They warned me. I have no one to blame but myself for this.
They may not have been able to warn me about the time my 3-year-old pitched a fit so enormous it woke the entire childcare center at nap time. As if suddenly possessed with a burning passion for furry monsters, she screamed and kicked all the way down the endless hallway over my old Elmo doll. It was mine from my high school days and she never paid any attention to it. Until I started a new teaching job and tried to leave it for other children to play with. They don’t warn you when you’re snuggled in a hospital bed with your sweet cooing baby how they will one day be the cause of your life’s most embarrassing moments.

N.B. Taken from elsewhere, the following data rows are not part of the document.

(* Let $t \ge 3$ be an integer and let $G$ be a block graph. Then $\mathrm{CF}_t(G)$ is $(t-2)$-decomposable and hence shellable.
   Context: All graphs are finite and simple. A block of a graph is a maximal connected subgraph that remains connected after removal of any single vertex; $G$ is a block graph if every block is a complete graph. $\mathrm{CF}_t(G)$ is the simplicial complex on $V(G)$ whose faces are the subsets $A\subseteq V(G)$ such that $G[A]$ contains no clique on $t$ vertices. For a simplicial complex $\Delta$ on $V$ and a face $F$: $\operatorname{link}_\Delta(F) = \{F' : F'\cap F=\emptyset, F'\cup F\in\Delta\}$, $\Delta\setminus F = \{H\in\Delta : H\cap F=\emptyset\}$, $\dim F=|F|-1$. A face $\sigma$ is a shedding face if for every $\tau\in\Delta$ with $\sigma\subseteq\tau$ and every $v\in\sigma$ there is $w\in V\setminus\tau$ with $(\tau\cup\{w\})\setminus\{v\}\in\Delta$. $\Delta$ is $k$-decomposable if it is a simplex (including $\emptyset$, $\{\emptyset\}$) or has a shedding face $\sigma$ with $\dim\sigma\le k$ such that $\Delta\setminus\sigma$ and $\operatorname{link}_\Delta(\sigma)$ are $k$-decomposable. $\Delta$ is shellable if its facets admit an order $F_1,\dots,F_s$ such that for all $i<j$ there exist $v\in F_j\setminus F_i$ and $\ell<j$ with $F_j\setminus F_\ell=\{v\}$. *)

(* A finite simple graph is a symmetric irreflexive relation
   e on a finType T (vertex set = all of T). Simplicial complexes on V(G)=T are
   represented by their set of faces : {set {set T}}. *)
From mathcomp Require Import all_boot.
Set Implicit Arguments. Unset Strict Implicit. Unset Printing Implicit Defensive.

Section Defs.
Variable T : finType.

Variable e : rel T.

(* the induced subgraph G[S] is connected (the empty graph counts as connected) *)
Definition induced_connected (S : {set T}) : bool :=
  [forall x in S, forall y in S,
     connect [rel a b | [&& e a b, a \in S & b \in S]] x y].

Definition block_like (S : {set T}) : bool :=
  induced_connected S && [forall v in S, induced_connected (S :\ v)].

(* blocks: maximal such subgraphs (maximal ones are automatically induced) *)
Definition is_block (S : {set T}) : bool :=
  block_like S && [forall S' : {set T}, (S \subset S') && block_like S' ==> (S' == S)].

Definition clique (S : {set T}) : bool :=
  [forall x in S, forall y in S, (x != y) ==> e x y].

Definition block_graph : Prop := forall S : {set T}, is_block S -> clique S.

Definition CF (t : nat) : {set {set T}} :=
  [set A : {set T} | ~~ [exists B : {set T}, [&& B \subset A, #|B| == t & clique B]]].

End Defs.

Section Complexes.
Variable T : finType.
Implicit Types (D : {set {set T}}) (F : {set T}).

Definition link D F : {set {set T}} :=
  [set F' : {set T} | [disjoint F' & F] && (F' :|: F \in D)].

Definition deletion D F : {set {set T}} :=
  [set H in D | [disjoint H & F]].

(* simplex, including the void complex and {emptyset} *)
Definition is_simplex D : Prop := D = set0 \/ exists F, D = powerset F.

Definition shedding_face D (sigma : {set T}) : Prop :=
  sigma \in D /\
  forall tau : {set T}, tau \in D -> sigma \subset tau ->
  forall v, v \in sigma -> exists2 w : T, w \notin tau & (w |: tau) :\ v \in D.

(* dim sigma <= k  <->  #|sigma| <= k+1 *)
Inductive k_decomposable (k : nat) : {set {set T}} -> Prop :=
| kdec_simplex D : is_simplex D -> k_decomposable k D
| kdec_shed D sigma : shedding_face D sigma -> #|sigma| <= k.+1 ->
    k_decomposable k (deletion D sigma) -> k_decomposable k (link D sigma) ->
    k_decomposable k D.

Definition facets D : {set {set T}} :=
  [set F in D | [forall G in D, (F \subset G) ==> (G == F)]].

Definition shellable D : Prop :=
  exists s : seq {set T}, perm_eq s (enum (facets D)) /\
    forall i j, i < j -> j < size s ->
      exists2 v, v \in nth set0 s j :\: nth set0 s i &
        exists2 l, l < j & nth set0 s j :\: nth set0 s l = [set v].

End Complexes.

From mathcomp Require Import all_boot zify.
Set Implicit Arguments. Unset Strict Implicit. Unset Printing Implicit Defensive.

(* Every t-clique of a block graph lies in a block, and the blocks carrying the
   t-cliques of an induced subgraph are arranged like a tree. A leaf Q of this
   tree is a clique whose vertices, except the cut vertex attaching it, lie in no
   t-clique outside Q. Taking x to be that cut vertex when it is still a vertex
   of the complex (any vertex of Q otherwise), x is a shedding vertex of CF_t: a
   face through x can trade x for a vertex of Q it misses. Deletion and link of
   x are again links of faces of CF_t of induced subgraphs, on fewer vertices,
   so CF_t(G) is vertex decomposable; this gives (t-2)-decomposability and a
   shelling at once. *)

Definition adj_in (T : finType) (e : rel T) (Y : {set T}) : rel T :=
  fun a b => [&& e a b, a \in Y & b \in Y].
Arguments adj_in {T} e Y a b /.

Section InducedConnectivity.
Variables (T : finType) (e : rel T).
Hypothesis e_sym : symmetric e.
Implicit Types (X Y : {set T}) (a b c : T).

Lemma adj_in_sym Y : symmetric (adj_in e Y).
Proof. by move=> a b; rewrite /= e_sym; congr andb; rewrite andbC. Qed.

Lemma connect_adj_inC Y a b : connect (adj_in e Y) a b = connect (adj_in e Y) b a.
Proof. exact/sym_connect_sym/adj_in_sym. Qed.

Lemma connect_adj_inS X Y a b :
  X \subset Y -> connect (adj_in e X) a b -> connect (adj_in e Y) a b.
Proof.
move=> sXY; apply: connect_sub => x y /and3P[exy xX yX]; apply: connect1.
by rewrite /= exy !(subsetP sXY).
Qed.

Lemma path_adj_in Y a p : all [in Y] (a :: p) -> path e a p -> path (adj_in e Y) a p.
Proof. by apply: sub_in_path => x y xY yY /= ->; rewrite xY yY. Qed.

Lemma path_adj_inD1 Y a p c :
  c \notin a :: p -> path (adj_in e Y) a p -> path (adj_in e (Y :\ c)) a p.
Proof.
move=> c_notin; apply: (@sub_in_path _ (predC1 c)).
  by move=> x y; rewrite !inE => xc yc /and3P[exy xY yY]; rewrite /= !inE exy xc yc xY yY.
by apply/allP => x /= xp; apply: contraNneq c_notin => <-.
Qed.

Lemma path_adj_in_mem Y a p : path (adj_in e Y) a p -> {subset p <= Y}.
Proof.
elim: p a => [|b p IHp] a //= /andP[/and3P[_ _ bY] b_p] y.
by rewrite inE => /predU1P[-> // | /(IHp _ b_p)].
Qed.

Lemma connect_adj_in_out Y a b : a \notin Y -> connect (adj_in e Y) a b -> b = a.
Proof. by move=> aY /connectP[[|c p] //= /andP[/and3P[_ aY' _]]]; rewrite aY' in aY. Qed.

And they never mentioned the amount of patience it would take to help my 1st grader with her homework as she struggled with undiagnosed ADD. The agony and frustration we both felt while my six-year-old would spend hours at our kitchen table just trying to do one ‘simple’ worksheet. She’d have to turn the neighbor kids away when they came to the door to play because she was still doing her homework. How could someone so smart struggle so much with school work? No one warns you of the feelings of inadequacy and concern when you can’t teach your own child but you can command a room full of three-year olds. “She’s so smart,” they’d say. “She’s got a bright future!” They don’t tell you about the times when the house falls silent and all those doubts begin to creep into your mind. Any confident strides you may have made that very afternoon with time managing the homework demons sink deep with sorrowful sighs into your pillow.

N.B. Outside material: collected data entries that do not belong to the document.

Lemma congp_nat_inj d1 d2 : (d1 < p)%N -> (d2 < p)%N -> congp d1%:R d2%:R -> d1 = d2.
Proof.
wlog le21 : d1 d2 / (d2 <= d1)%N.
  move=> W h1 h2 hc; case: (leqP d2 d1) => h; first exact: W.
  by apply/esym/W => //; [exact: ltnW|exact: congp_sym].
move=> h1 h2 hc; apply/eqP; rewrite eqn_leq le21 andbT leqNgt; apply/negP => lt21.
have [nz vz] : let d := (d1 - d2)%N in (d%:R : K) != 0 /\ v d%:R = 0.
  by apply: unit_nat; rewrite subn_gt0 lt21 (leq_ltn_trans (leq_subr _ _) h1).
by move: hc; rewrite /congp -natrB ?vgeE // vz.
Qed.

Lemma residue u : vge u 0 -> exists2 j, (j < p)%N & congp u j%:R.
Proof.
case/residue_nat => k hk; exists (k %% p)%N; first by rewrite ltn_mod prime_gt0.
by apply: congp_trans hk _; apply: congp_nat; rewrite modn_mod.
Qed.

Lemma unit_residue u : u != 0 -> v u = 0 -> exists2 j, (0 < j < p)%N & congp u j%:R.
Proof.
move=> nu vu; have [|j jp hj] := @residue u; first by right; rewrite vu.
exists j => //; rewrite jp andbT lt0n; apply/eqP => j0.
by move: hj; rewrite j0 /congp subr0 vgeE // vu.
Qed.

Lemma unit_expp1 u : u != 0 -> v u = 0 -> congp (u ^+ p.-1) 1.
Proof.
move=> nu vu; have [j hj cj] := unit_residue nu vu.
have [nj vj] := unit_nat hj.
apply: (@congp_trans _ (j%:R ^+ p.-1)).
  by apply: congpX => //; [right; rewrite vu|apply: vge_nat].
apply: (vge_unit_mull nj vj).
have := congp_nat (fermat_little j p_prime); rewrite /congp natrX.
by rewrite -{1}(prednK (prime_gt0 p_prime)) exprS mulrBr mulr1.
Qed.

Local Notation ac1 := (ac_one p v).

Lemma ac1_neq0 x : ac1 x -> x != 0. Proof. by case. Qed.

Lemma ac1_congp x : ac1 x -> congp (x * pK ^ (- v x)) 1. Proof. by case. Qed.

Lemma ac1_of_congp y (lam : int) : congp (y * pK ^ (- lam)) 1 -> ac1 y /\ v y = lam.
Proof.
set u := y * pK ^ (- lam) => h.
have [nu vu] : u != 0 /\ v u = 0 by have := unit_1D h; rewrite addrC subrK.
have ey : y = u * pK ^ lam by rewrite /u pexpzNK.
have vy : v y = lam by rewrite ey valM ?pexpz_neq0 // vu val_pexpz add0r.
by split=> //; split; [rewrite ey mulf_neq0 ?pexpz_neq0|rewrite vy].
Qed.

(** Since [ac] is not a term of the language, [ac x = 1] is defined through
    this decomposition: the [(p-1)]-th powers have angular component [1] and
    all valuations divisible by [p-1], and [p^r] supplies the remainder. *)
Lemma ac1_decomp x : ac1 x -> exists y t (r : nat),
  [/\ y != 0, vge t 0, (r < p.-1)%N & x = y ^+ p.-1 * pK ^+ r * (1 + pK * t)].
Proof.
case=> nx hw; set w := x * pK ^ (- v x) in hw.
have p1 : (0 : int) < (p.-1)%:Z by rewrite ltz_nat -subn1 subn_gt0 prime_gt1.
set t := (w - 1) * pK ^ (-1).
have wt : w = 1 + pK * t.
  by rewrite /t exprN1 mulrCA mulfV // mulr1 addrC subrK.
set q := ((v x) %/ (p.-1)%:Z)%Z; set r := ((v x) %% (p.-1)%:Z)%Z.
have r0 : 0 <= r by rewrite /r modz_ge0 // lt0r_neq0.
exists (pK ^ q), t, `|r|%N; split.
- exact: pexpz_neq0.
- by rewrite /t -(subrr (1 : int)); apply: vge_mulpexpz.
- by rewrite -ltz_nat gez0_abs // ltz_pmod.
have -> : (pK ^ q) ^+ p.-1 * pK ^+ `|r|%N = pK ^ (v x).
  rewrite exprnP exprz_exp exprnP gez0_abs // -expfzDr //.
  by rewrite [v x in RHS](divz_eq (v x) (p.-1)%:Z).
by rewrite -wt /w mulrCA -expfzDr // subrr expr0z mulr1.
Qed.

Lemma ac1_of_decomp y t (r : nat) : y != 0 -> vge t 0 ->
  ac1 (y ^+ p.-1 * pK ^+ r * (1 + pK * t)).
Proof.
move=> ny ht; set u := y * pK ^ (- v y).
have [nu vu] : u != 0 /\ v u = 0.
  by rewrite mulf_neq0 ?pexpz_neq0 // valM ?pexpz_neq0 // val_pexpz subrr.
set lam := v y *+ p.-1 + r%:Z.
suff : congp (y ^+ p.-1 * pK ^+ r * (1 + pK * t) * pK ^ (- lam)) 1 by case/ac1_of_congp.
have -> : y ^+ p.-1 * pK ^+ r * (1 + pK * t) * pK ^ (- lam) = u ^+ p.-1 * (1 + pK * t).
  have E : (pK ^ v y) ^+ p.-1 * pK ^+ r * pK ^ (- lam) = 1.
    rewrite exprnP exprz_exp exprnP -expfzDr // -expfzDr //.
    by rewrite /lam -[(p.-1)%:Z]natz mulrnAr mulr1 subrr expr0z.
  have ey : y = u * pK ^ v y by rewrite /u pexpzNK.
  rewrite {1}ey exprMn.
  transitivity (u ^+ p.-1 * (1 + pK * t) *
    ((pK ^ v y) ^+ p.-1 * pK ^+ r * pK ^ (- lam))); first by ring.
  by rewrite E mulr1.
rewrite -[1 in X in congp _ X]mulr1; apply: congpM.
- by apply: vgeX; right; rewrite vu.
- exact: vge1.
- exact: unit_expp1.
- by rewrite /congp addrC addKr -(add0r (1 : int)); apply: vge_mulpl.
Qed.

Local Notation fo_def := (fo_def v).

Lemma fo_def_ac1 i b : (i < b)%N -> fo_def (fun e => ac1 (e i)).
Proof.
move=> ib; pose decomp r := TMul (TMul (tpow (TVar b) p.-1) (tpow (tnat p) r))
  (TAdd TOne (TMul (tnat p) (TVar b.+1))).
have H := fo_def_ex b (fo_def_ex b.+1 (fo_def_and (fo_def_not (fo_def_eq v (TVar b) TZero))
  (fo_def_and (fo_def_O v (TVar b.+1)) (fo_def_has_seq (iota 0 p.-1)
    (fun r => fo_def_eq v (TVar i) (decomp r)))))).
apply: (fo_def_ext H) => e /=.
have nbi : i != b by rewrite neq_ltn ib.
have nb1i : i != b.+1 by rewrite neq_ltn ltnS ltnW.
have nb1b : b != b.+1 by rewrite neq_ltn ltnSn.
have updE y t : [/\ upd (upd e b y) b.+1 t b = y, upd (upd e b y) b.+1 t b.+1 = t
    & upd (upd e b y) b.+1 t i = e i].
  by rewrite upd_id (upd_neq _ _ nb1b) upd_id !(upd_neq _ _ nb1i) (upd_neq _ _ nbi).
split.
  case=> y [t]; case: (updE y t) => ey et ei /=.
  rewrite ey et => -[/eqP ny [ht [r _]]].
  rewrite !tpowE tnatE /= ey ei => ->.
  exact: ac1_of_decomp.
case/ac1_decomp=> y [t [r [ny ht hr xe]]]; exists y, t.
case: (updE y t) => ey et ei /=; rewrite ey et.
split; first exact/eqP.
split=> //; exists r; first by rewrite mem_iota.
by rewrite /= !tpowE tnatE /= ey ei.
Qed.

Lemma fo_def_dvdO i j b : (i < b)%N -> (j < b)%N ->
  fo_def (fun e => exists t, inO v t /\ t * e i = e j).
Proof.
move=> ib jb; have nbi : i != b by rewrite neq_ltn ib.
have nbj : j != b by rewrite neq_ltn jb.
apply: (fo_def_ext (fo_def_ex b (fo_def_and (fo_def_O v (TVar b))
  (fo_def_eq v (TMul (TVar b) (TVar i)) (TVar j))))) => e /=.
by split=> -[t h]; exists t; move: h; rewrite /= upd_id !(upd_neq _ _ nbi) !(upd_neq _ _ nbj).
Qed.

Lemma val_le_dvdO x y t : y != 0 -> inO v t -> t * x = y -> v x <= v y.
Proof.
move=> ny ht exy; have /norP [nt nx] : ~~ ((t == 0) || (x == 0)) by rewrite -mulf_eq0 exy.
by rewrite -exy valM // lerDr -vgeE.
Qed.

Definition ac1_diag n (y : 'I_n -> K) :=
  (forall j, ac1 (y j)) /\ exists lam : nat, forall j, v (y j) = lam%:Z.

Lemma ac1_diagP n (y : 'I_n -> K) :
  ac1_diag y <-> exists lam : nat, forall j, congp (y j * pK ^ (- lam%:Z)) 1.
Proof.
split=> [[ac [lam hl]]|[lam hl]].
  by exists lam => j; rewrite -(hl j); apply: ac1_congp.
by split=> [j|]; [|exists lam => j]; case: (ac1_of_congp (hl j)).
Qed.

(** Equality of valuations, expressed by divisibility in [Z_p]. *)
Lemma ac1_diagE n (y : 'I_n -> K) (j0 : 'I_n) : ac1_diag y <->
  [/\ forall j, ac1 (y j), forall j, inO v (y j) &
      forall j, (exists t, inO v t /\ t * y j = y j0) /\ (exists t, inO v t /\ t * y j0 = y j)].
Proof.
have quot x z : x != 0 -> z != 0 -> v x = v z -> exists t, inO v t /\ t * x = z.
  move=> nx nz exz; exists (z / x); rewrite mulfVK //; split => //.
  by right; rewrite valM ?invr_eq0 // valV // exz subrr.
split.
  case=> ac [lam hl]; have ny j := ac1_neq0 (ac j).
  by split=> // [j|j]; [right; rewrite hl|split; apply: quot; rewrite ?hl].
case=> ac hO hdvd; split => //; have ny j := ac1_neq0 (ac j).
have v0 : 0 <= v (y j0) by move: (hO j0) => /(vgeE 0 (ny j0)).
exists `|v (y j0)|%N => j; rewrite gez0_abs //.
case: (hdvd j) => [[t1 [h1 e1]] [t2 [h2 e2]]].
by apply/eqP; rewrite eq_le (val_le_dvdO (ny _) h1 e1) (val_le_dvdO (ny _) h2 e2).
Qed.

Lemma fo_def_ac1_diag n (xp : 'I_n -> nat) b (j0 : 'I_n) : (forall j, xp j < b)%N ->
  fo_def (fun e => ac1_diag (fun j => e (xp j))).
Proof.
move=> hb; apply: (fo_def_ext (fo_def_and (fo_def_all_fin (fun j => fo_def_ac1 (hb j)))
  (fo_def_and (fo_def_all_fin (fun j => fo_def_O v (TVar (xp j))))
  (fo_def_all_fin (fun j => fo_def_and (fo_def_dvdO (hb j) (hb j0))
                                       (fo_def_dvdO (hb j0) (hb j))))))) => e.
by rewrite (ac1_diagE _ j0); split=> [[? [? ?]]|[? ? ?]].
Qed.

(** * Leading digits and the shear maps *)

Section Shear.
Variable n' : nat.
Local Notation n := n'.+1.

Definition digits := {ffun 'I_n -> 'I_p}.

Definition nz_digits (a : digits) := [exists j, (a j : nat) != 0%N].

Definition pivot (a : digits) : 'I_n := odflt ord0 [pick j | (a j : nat) != 0%N].

Definition pivot_digit (a : digits) : nat := a (pivot a).

Definition shear_coef (a : digits) (j : 'I_n) : K := (1 - (a j)%:R) / (pivot_digit a)%:R.

Definition shear_mx (a : digits) : 'M[K]_n :=
  \matrix_(i, j) ((i == j)%:R + (i == pivot a)%:R * shear_coef a j).

Definition shear (a : digits) (x : 'rV[K]_n) : 'rV[K]_n := x *m shear_mx a.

But this? Seems even strangers warned me about this:
“They grow up so fast.”
But when you’re in the trenches it’s hard to see the horizon.
“Don’t blink. Before you know it they’ll be grown and gone.”

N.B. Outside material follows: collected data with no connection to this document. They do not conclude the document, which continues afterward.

Lemma dotv_le_fnorm N (u v : 'cV[R]_N) : dotv u v <= fnorm u * fnorm v.
Proof.
have [->|v0] := eqVneq v 0; first by rewrite dotv0r mulr_ge0 ?fnorm_ge0.
have vv : 0 < dotv v v by rewrite lt_def dotv_eq0 v0 dotv_ge0.
have : 0 <= dotv v v * (dotv u u * dotv v v - dotv u v ^+ 2).
  set x := dotv v v *: u - dotv u v *: v.
  have := dotv_ge0 x; rewrite {1}/x dotvBr !dotvZr (dotvC x u) (dotvC x v).
  by rewrite /x !dotvBr !dotvZr (dotvC v u); congr (_ <= _); ring.
rewrite pmulr_rge0 // subr_ge0 !dotvv -exprMn => uv_le.
apply: le_trans (ler_norm _) _.
rewrite -sqrtr_sqr -[leRHS]ger0_norm ?mulr_ge0 ?fnorm_ge0 // -sqrtr_sqr.
by rewrite ler_sqrt ?sqr_ge0.
Qed.

Lemma fnormD_orth N (u c : 'cV[R]_N) :
  dotv u c = 0 -> fnorm (u + c) ^+ 2 = fnorm u ^+ 2 + fnorm c ^+ 2.
Proof.
move=> uc; rewrite -!dotvv dotvDr (dotvC _ u) (dotvC _ c) !dotvDr.
by rewrite (dotvC c u) uc addr0 add0r.
Qed.

End Euclidean.

Section PseudoInverse.
Variable R : realType.

Lemma mulmx_trmx_eq0 p q (A : 'M[R]_(p, q)) : (A *m A^T == 0) = (A == 0).
Proof.
apply/eqP/eqP => [AAt0|->]; last by rewrite mul0mx.
apply/matrixP => i j; rewrite mxE.
have /eqP : (A *m A^T) i i = 0 by rewrite AAt0 mxE.
rewrite mxE psumr_eq0 => [/allP Ai0|k _]; last by rewrite mxE -expr2 sqr_ge0.
by have := Ai0 j (mem_index_enum _); rewrite mxE -expr2 sqrf_eq0 => /eqP.
Qed.

Lemma row_free_mulmx_trmx_unit p q (D : 'M[R]_(p, q)) :
  row_free D -> D *m D^T \in unitmx.
Proof.
move=> freeD; rewrite -row_free_unit -kermx_eq0; apply/eqP.
set K := kermx _; have KDDt0 : K *m (D *m D^T) = 0 := mulmx_ker _.
have /eqP : (K *m D) *m (K *m D)^T = 0.
  by rewrite trmx_mul !mulmxA -(mulmxA K) KDDt0 mul0mx.
rewrite mulmx_trmx_eq0 => /eqP KD0.
by apply: (row_free_inj freeD); rewrite KD0 mul0mx.
Qed.

Lemma penrose_full_rank_factor m k c (C : 'M[R]_(m, k)) (F : 'M[R]_(k, c)) :
  C^T *m C \in unitmx -> F *m F^T \in unitmx ->
  penrose (C *m F) (F^T *m invmx (F *m F^T) *m (invmx (C^T *m C) *m C^T)).
Proof.
set G := C^T *m C; set H := F *m F^T => uG uH.
have FH : F *m (F^T *m invmx H) = 1%:M by rewrite mulmxA mulmxV.
have GC : invmx G *m C^T *m C = 1%:M by rewrite -mulmxA mulVmx.
have Gs : (invmx G)^T = invmx G by rewrite trmx_inv /G trmx_mul trmxK.
have Hs : (invmx H)^T = invmx H by rewrite trmx_inv /H trmx_mul trmxK.
set B := F^T *m _ *m _.
have AB : C *m F *m B = C *m (invmx G *m C^T).
  by rewrite mulmxA -(mulmxA C) FH mulmx1.
have BA : B *m (C *m F) = F^T *m invmx H *m F.
  by rewrite -[LHS]mulmxA (mulmxA _ C) GC mul1mx.
split.
- by rewrite AB mulmxA -(mulmxA C) GC mulmx1.
- by rewrite BA -(mulmxA _ F) (mulmxA F) FH mul1mx.
- by rewrite AB !trmx_mul trmxK Gs mulmxA.
- by rewrite BA !trmx_mul trmxK Hs mulmxA.
Qed.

It’s hard to hear that over your kicking, screaming, Elmo-obsessed three-year-old.
“Cherish the time you have with them now. Soon they won’t want anything to do with you.”
Somehow cherishing doesn’t seem to fit in the same realm as crying over 1st grade math.
And yet here I am wishing I had listened to them.
Both of my girls have milestones this Spring. I am not sure how I missed this when I signed up to be their mom. Abby Faith finishes middle school, and Lucy will be spreading her wings and flying from the safety of her elementary school nest. This year they stacked the deck against me. I should have seen it coming.
They warned me after all.
I find myself weeping over the most common of scenarios. Like when my tiny baby girl forgets her English book after school. And this time she doesn’t need me to go with her back into the school to get it. I literally sobbed in the car while I waited for her to return. She looked so grown up! But I wiped my tears and gathered my composure before she returned. She wouldn’t understand. And if I warned her now about how this whole Mothering gig goes down, she wouldn’t listen. Just like her mom.
Or when my sweetest baby-faced child suddenly wants to trade in her Disney princess dress-up dress and go shopping for a dress to wear to her school semi-formal dance I lock myself in the bathroom for several minutes and just pray for time to stand still. Tomorrow she’ll ask to go shopping for a wedding dress. That will be an entire tear-stained blog post in itself!
Some days I feel like I just won’t make it. Some days I just feel like it’s not fair at all the way this life works. You pour every ounce of love from the very essence of yourself into someone just to give them away. And you pray that whomever you give them to will love them as much as you do or more. I want to believe that’s true. There’s got to be some hope in that. But, I really don’t think there’s any love deeper, stronger or more poignant than that of a mother for her child. We loved them first after all. Before a name, a face and a birthday. We loved them first.
So excuse me if I get emotional over high school registration forms and 5th grade ceremonies. Because the time I have with them to do their hair and talk about boys will one day come to an end.
But my love for them goes on forever.